_Your objective:_
Copy exactly the lines of the records below, and only those lines, beginning with the line that contains "(gcdz v.1 v.2" and ending with the line that contains "(* Two regions".

======== Supplied material ========

(* Let $\mathcal{H}$ and $\mathcal{H}_{\rm mem}$ be finite-dimensional Hilbert spaces and $U$ a unitary on $\mathcal{H}\otimes\mathcal{H}_{\rm mem}$ generating a memory channel of finite memory depth $\Delta_U=n$. Let $\Xi_1=R_1\otimes\cdots\otimes R_n$ and $\Xi_2=R'_1\otimes\cdots\otimes R'_n$ be product states of $n$ inputs (reset sequences), let $\omega_{12}$ be an arbitrary (possibly correlated) state of two copies of $\mathcal{H}$, and let $\xi$ be any memory state. Feed the memory channel $2n+2$ inputs: inputs $1,\dots,n$ in state $\Xi_1$, inputs $n+2,\dots,2n+1$ in state $\Xi_2$, and inputs $n+1$ and $2n+2$ jointly in state $\omega_{12}$. Then the joint output state of inputs $n+1$ and $2n+2$, $$\mathrm{tr}_{\text{all other outputs},\,\rm mem}\big[U_{2n+2}\cdots U_1(\Xi_1\otimes\omega_{12}\otimes\Xi_2\otimes\xi)U_1^\dagger\cdots U_{2n+2}^\dagger\big]$$ (with the factors placed at the appropriate input positions), equals $(\mathcal{E}_{\Xi_1}\otimes\mathcal{E}_{\Xi_2})[\omega_{12}]$, independently of $\xi$, where for a product reset sequence $\Xi$ of $n$ inputs $\mathcal{E}_\Xi[\omega]=\mathrm{tr}_{\rm res,mem}[U_{n+1}\cdots U_1(\Xi\otimes\omega\otimes\xi')U_1^\dagger\cdots U_{n+1}^\dagger]$ for any memory state $\xi'$ (this does not depend on $\xi'$).
   Context: A memory channel generated by a fixed unitary $U$ on $\mathcal{H}\otimes\mathcal{H}_{\rm mem}$: for $m$ uses, inputs on $\mathcal{H}^{\otimes m}$ and memory initially in state $\xi$ are transformed by $U_m\cdots U_1$, where $U_j$ denotes $U$ acting on the $j$th input and the memory (identity elsewhere), and the memory is then traced out. For uncorrelated inputs $\varrho_1,\varrho_2,\dots$ and initial memory $\xi_1$, the $j$th input undergoes $\mathcal{E}_j[\varrho]=\mathrm{tr}_{\rm mem}[U(\varrho\otimes\xi_j)U^\dagger]$ with $\xi_{j+1}=\mathrm{tr}_{\rm sys}[U(\varrho_j\otimes\xi_j)U^\dagger]$. The memory depth $\Delta_U$ is the smallest integer $\Delta\ge0$ such that for every $m>\Delta$ the channel $\mathcal{E}_m$ is independent of $\xi_1$ and of $\varrho_j$ for $j<m-\Delta$ (for all choices); equivalently, for every memory state and every product sequence of $\Delta$ inputs, the channel on the next input does not depend on the memory state preceding those $\Delta$ inputs. *)

From mathcomp Require Import all_boot all_order all_algebra.
From mathcomp Require Import algC.
Set Implicit Arguments. Unset Strict Implicit. Unset Printing Implicit Defensive.
Import Order.TTheory GRing.Theory Num.Theory.
Local Open Scope ring_scope.

(* An operator on the Hilbert space C^T (T a finite type indexing an o.n. basis). *)
Definition Op (T : finType) := T -> T -> algC.
Lemma puc_ldp_lower (B : set R) :
  (- rate_inf rate_I2 (interior B) <= limf_einf (L B) (pinfty_nbhs R))%E.
Proof.
rewrite /rate_inf /ereal_inf oppeK; apply: ge_ereal_sup => _ [_ [x Bx <-] <-].
rewrite /rate_I2; case: ltP => [_ | x_ge0] /=; first exact: leNye.
apply/lee_addgt0Pr => e e_gt0; rewrite -leeBlDr // -EFinB -opprD.
by apply: limf_einf_ge_near; exact: near_norm_log_ge.
Qed.

End large_deviation_bounds.

Lemma rate_I2_sublevel_compact {R : realType} (c : R) :
  compact [set x | (rate_I2 x <= c%:E)%E].
Proof.
have -> : [set x | (rate_I2 x <= c%:E)%E] = `[0, c]%classic.
  apply/seteqP; split => x /=; rewrite /rate_I2 in_itv /=.
    by case: ltP => // x_ge0; rewrite lee_fin => ->.
  by move=> /andP[x_ge0 x_le]; rewrite ltNge x_ge0 /= lee_fin.
exact: segment_compact.
Qed.

Theorem theorem2p4 (R : realType) (lam mu alpha : R) (phi : R -> R) :
  0 < lam -> 0 < mu -> 0 < alpha ->
  (forall T, 0 < T -> 0 < phi T) ->
  (fun T => phi T / T) @ +oo --> +oo ->
  LDP (fun T B => puc_prob lam mu alpha phi T B) rate_I2
      (fun T => phi T * ln (phi T / T)).
Proof.
move=> lam_gt0 mu_gt0 alpha_gt0 phi_gt0 phi_ratio.
split=> [c _ | ]; first exact: rate_I2_sublevel_compact.
by split=> B _; [exact: puc_ldp_upper | exact: puc_ldp_lower].
Qed.
Lemma mu_digit (b rt r0 : nat) (d : Z) : (2 <= b)%nat -> (r0 < b)%nat ->
  mu b (b * rt + r0) d =
  INR (b - r0) / INR b * mu b rt (d - Z.of_nat r0)
  + INR r0 / INR b * mu b (rt + 1) (d - (Z.of_nat r0 - Z.of_nat b)).
Proof.
  intros Hb Hr0.
  assert (0 < INR b) by (apply lt_0_INR; lia).
  replace (d - (Z.of_nat r0 - Z.of_nat b))%Z with (d - Z.of_nat r0 + Z.of_nat b)%Z by lia.
  rewrite (mu_of_density _ _ _ _
             (density_Delta_digit b rt r0 d _ _ Hb Hr0 (mu_density _ _ _ Hb) (mu_density _ _ _ Hb))).
  field; lra.
Qed.

Definition ex_sumZ (f : Z -> R) : Prop :=
  ex_series (fun k => f (Z.of_nat k)) /\ ex_series (fun k => f (- Z.of_nat (S k))%Z).

Lemma ex_sumZ_ext f g : (forall d, f d = g d) -> ex_sumZ f -> ex_sumZ g.
Proof.
  intros H [Hp Hn]; split; [eapply ex_series_ext; [|exact Hp]|eapply ex_series_ext; [|exact Hn]];
    intros; apply H.
Qed.

Lemma sumZ_ext f g : (forall d, f d = g d) -> sumZ f = sumZ g.
Proof. intros H; unfold sumZ; f_equal; apply Series_ext; intros; apply H. Qed.

Lemma ex_sumZ_plus f g : ex_sumZ f -> ex_sumZ g -> ex_sumZ (fun d => f d + g d).
Proof.
  intros [Hf1 Hf2] [Hg1 Hg2];
    split; [exact (ex_series_plus _ _ Hf1 Hg1)|exact (ex_series_plus _ _ Hf2 Hg2)].
Qed.

Lemma sumZ_plus f g : ex_sumZ f -> ex_sumZ g -> sumZ (fun d => f d + g d) = sumZ f + sumZ g.
Proof.
  intros [Hf1 Hf2] [Hg1 Hg2]; unfold sumZ.
  rewrite (Series_plus _ _ Hf1 Hg1), (Series_plus _ _ Hf2 Hg2); ring.
Qed.

Lemma ex_sumZ_scal c f : ex_sumZ f -> ex_sumZ (fun d => c * f d).
Proof.
  intros [Hf1 Hf2]; split; [exact (ex_series_scal_l c _ Hf1)|exact (ex_series_scal_l c _ Hf2)].
Qed.

Lemma sumZ_scal c f : sumZ (fun d => c * f d) = c * sumZ f.
Proof. unfold sumZ; rewrite !Series_scal_l; ring. Qed.
(* Let $\mu=(p,q,r,s)\in\mathbb{C}^4$. Then: (1) there exists a constant $l=l(\mu)>0$ such that for every $\mu$-Markoff map $\phi\in\Phi_\mu$ the set $\Omega_\phi(l)$ is non-empty; (2) there exists a constant $\alpha=\alpha(\mu)\ge 0$ such that for every $\phi\in\Phi_\mu$ and every $k\ge 2+\alpha$, the set $\Omega_\phi(k)$ is connected, i.e. the union of the regions belonging to $\Omega_\phi(k)$ is a connected subset of the plane.
   Context: Let $\Sigma$ be a countably infinite simplicial tree, properly embedded in the plane, all of whose vertices have degree $3$. A complementary region is the closure of a connected component of the complement of $\Sigma$ in the plane; $\Omega$ denotes the set of complementary regions and $E(\Sigma)$ the set of edges. Every edge $e$ is the intersection of exactly two regions $X,Y$, and its two endpoints lie on two further regions $Z,W$ respectively; we write $e\leftrightarrow(X,Y;Z,W)$. Exactly three regions meet at each vertex. Fix a coloring $\mathcal C:\Omega\cup E(\Sigma)\to\{1,2,3\}$ such that for every $e\leftrightarrow(X,Y;Z,W)$ we have $\mathcal C(e)=\mathcal C(Z)=\mathcal C(W)$ and $\mathcal C(e),\mathcal C(X),\mathcal C(Y)$ pairwise distinct; let $\Omega_i$, $E_i$ be the regions/edges of color $i$. For $\mu=(p,q,r,s)\in\mathbb{C}^4$, a $\mu$-Markoff map is a function $\phi:\Omega\to\mathbb{C}$ such that (i) at every vertex, if $X\in\Omega_1,Y\in\Omega_2,Z\in\Omega_3$ are the three regions meeting there and $x=\phi(X),y=\phi(Y),z=\phi(Z)$, then $x^2+y^2+z^2+xyz=px+qy+rz+s$; (ii) for $e\in E_1$ with $e\leftrightarrow(Y,Z;X,X')$: $\phi(X)+\phi(X')=p-\phi(Y)\phi(Z)$; for $e\in E_2$ with $e\leftrightarrow(X,Z;Y,Y')$: $\phi(Y)+\phi(Y')=q-\phi(X)\phi(Z)$; for $e\in E_3$ with $e\leftrightarrow(X,Y;Z,Z')$: $\phi(Z)+\phi(Z')=r-\phi(X)\phi(Y)$. $\Phi_\mu$ denotes the set of $\mu$-Markoff maps. For $k\ge0$, $\Omega_\phi(k)=\{X\in\Omega: |\phi(X)|\le k\}$. *)

From HB Require Import structures.
From mathcomp Require Import all_boot all_order all_algebra.
From mathcomp Require Import reals complex.
Set Implicit Arguments. Unset Strict Implicit. Unset Printing Implicit Defensive.
Import Order.TTheory GRing.Theory Num.Theory.
Local Open Scope ring_scope.

(* Combinatorial model of the planar trivalent tree Sigma via its dual, the
   Farey graph.  Complementary regions <-> Q u {oo}, encoded as primitive
   integer vectors (a,b) with gcd 1, normalized by b > 0, or (a,b) = (1,0). *)
Definition is_region (v : int * int) : bool :=
  (gcdz v.1 v.2 == 1%N) && ((0 < v.2) || ((v.2 == 0) && (v.1 == 1))).

Record region := Region { rvec :> int * int ; rvecP : is_region rvec }.

(* Two regions share an edge of Sigma iff |ad - bc| = 1 (Farey neighbours). *)
Definition adj (X Y : region) : Prop :=
  `|(X : int * int).1 * (Y : int * int).2 - (X : int * int).2 * (Y : int * int).1| = 1.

========

_Written response:_
  (gcdz v.1 v.2 == 1%N) && ((0 < v.2) || ((v.2 == 0) && (v.1 == 1))).

Record region := Region { rvec :> int * int ; rvecP : is_region rvec }.

(* Two regions share an edge of Sigma iff |ad - bc| = 1 (Farey neighbours). *)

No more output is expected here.